Why does 2/3 act as a multiplicative constant instead of an exponential? Moreover ##\sin \pi =0##.nomadreid said:((2/3)(cos (π) + i*sin(π))
No, it doesn't. sin(π)= 0. The other two cube roots are non-real, of course.nomadreid said:((-8)^2)^(1/3)=64^(1/3)=4
(-8)^(1/3))^2 = (-2)^2=4
but
(-8)^(2/3) = 4(-1)^(2/3) = 4((2/3)(cos (π) + i*sin(π)) and so forth, giving a complex number.
The first two do also, you just have restricted yourself to real numbers. 64 has three complex cube roots, 4 is one, the other two are non-real. 8 has 3 cube roots, one is 2 and the other two are non-real.I understand why the latter one works. Why don't the first two?
Thanks.
The expression means that we have three different expressions inside parentheses that are raised to different powers and then all of that is squared.
The value of the expression is undefined because it leads to a contradiction.

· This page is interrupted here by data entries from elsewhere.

Lemma raise_mulXpY r s (u : V r s) : raise (mulXpY u) = mulXpY (raise u).
Proof.
(* On the boundary b = s (resp. a = r) the weight vanishes, which makes up for
   the truncation of mulXpY. *)
have cX a b : (a < r)%N -> (b <= s)%N ->
    (s - b)%:R * coef a b (mulXpY u) = (s - b)%:R * (coef_xu a b u + coef_yu a b u).
  move=> ha; rewrite leq_eqVlt => /predU1P[->|hb]; first by rewrite subnn !mul0r.
  by rewrite coef_poly_row.
have cY a b : (a <= r)%N -> (b < s)%N ->
    (r - a)%:R * coef a b (mulXpY u) = (r - a)%:R * (coef_xu a b u + coef_yu a b u).
  rewrite leq_eqVlt => /predU1P[->|ha] hb; first by rewrite subnn !mul0r.
  by rewrite coef_poly_row.
apply: coef_ext => a b ha hb; rewrite !coef_poly_row // /coef_xu /coef_yu.
case: a ha => [|[|a]] ha; case: b hb => [|[|b]] hb /=;
  rewrite ?cX ?cY ?coef_poly_row ?natrB /coef_xu /coef_yu /=; try lia; ring.
Qed.

Lemma iter_raise r s k (u : V r s) :
  iter k (@mulXpY r.+1 s.+1) (raise u) = raise (iter k (@mulXpY r s) u).
Proof. by elim: k => //= k ->; rewrite raise_mulXpY. Qed.

Lemma coef_top_raise r s (u : V r s) : coef r s (raise u) = 0.
Proof. by rewrite coef_poly_row // !subnn !mul0r subrr. Qed.

Lemma raise_inj r s (u : V r s) :
  (forall k, (0 < k <= r)%N -> k%:R != 0 :> F) -> raise u = 0 -> u = 0.
Proof.
move=> nz_r u0.
have step a b : (a < r)%N -> (b < s)%N -> coef_xu a b.+1 u = 0 -> coef a b u = 0.
  move=> ha hb hx; have /eqP := congr1 (coef a b.+1) u0.
  rewrite linear0 coef_poly_row ?ltnS ?(ltnW ha) // hx mulr0 sub0r oppr_eq0 mulf_eq0.
  by rewrite (negbTE (nz_r _ _)) => [/eqP|]; last lia.
apply: coef_ext => a b ha hb; rewrite linear0.
elim: a b ha hb => [|a IHa] b ha hb; apply: step => //=.
have [hb1|hb1] := ltnP b.+1 s; first by apply: IHa => //; apply: ltnW.
by apply: coef_out; rewrite negb_and -!leqNgt hb1 orbT.
Qed.

Lemma coef_iter_mulXpY_one r s m a b : (a < r)%N -> (b < s)%N ->
  coef a b (iter m (@mulXpY r s) (one_row r s)) =
    if (a + b == m)%N then 'C(m, a)%:R else 0.
Proof.
elim: m a b => [|m IHm] a b ha hb; rewrite /= coef_poly_row //.
  by case: a ha => [|a] ha; case: b hb => [|b] hb.
rewrite /coef_xu /coef_yu.
case: a ha => [|a] ha; case: b hb => [|b] hb.
- by rewrite addr0.
- rewrite add0r IHm ?add0n ?eqSS ?bin0 //; lia.
- rewrite addr0 IHm ?addn0 ?eqSS ?binS //; last lia.
  by case: eqP => [->|//]; rewrite (bin_small (ltnSn m)) add0n.
- rewrite !IHm ?addnS ?addSn ?eqSS ?binS; try lia.
  by case: eqP; rewrite ?addr0 // natrD addrC.
Qed.

Definition chain_len r s i := ((r + s).-1 - i.*2)%N.

Fixpoint chain_head (i r s : nat) : V r s :=
  match i with
  | 0 => one_row r s
  | i'.+1 =>
    match r, s return V r s with
    | r'.+1, s'.+1 => raise (chain_head i' r' s')
    | _, _ => 0
    end
  end.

The first part, "((-8)^2)^(1/3)", simplifies to 64^(1/3) which is 4. The second part, "(-8)^(2/3)", simplifies to (-64)^(1/3) which is -4. And the third part, "(-8)^(1/3)", simplifies to (-8)^(1/3) which is -2. Therefore, we have 4 <> -4 <> -2 which is a contradiction.
The expression is undefined because it leads to a contradiction. The first part, "((-8)^2)^(1/3)", simplifies to 4. The second part, "(-8)^(2/3)", simplifies to -4. And the third part, "(-8)^(1/3)", simplifies to -2. Therefore, we have 4 <> -4 <> -2 which is a contradiction.
No, the expression cannot be simplified further because it leads to a contradiction. Each part of the expression has a different value, making it impossible to simplify the expression.
Understanding this expression is important because it helps us recognize and avoid contradictions in mathematical operations. It also highlights the importance of following the correct order of operations when simplifying expressions.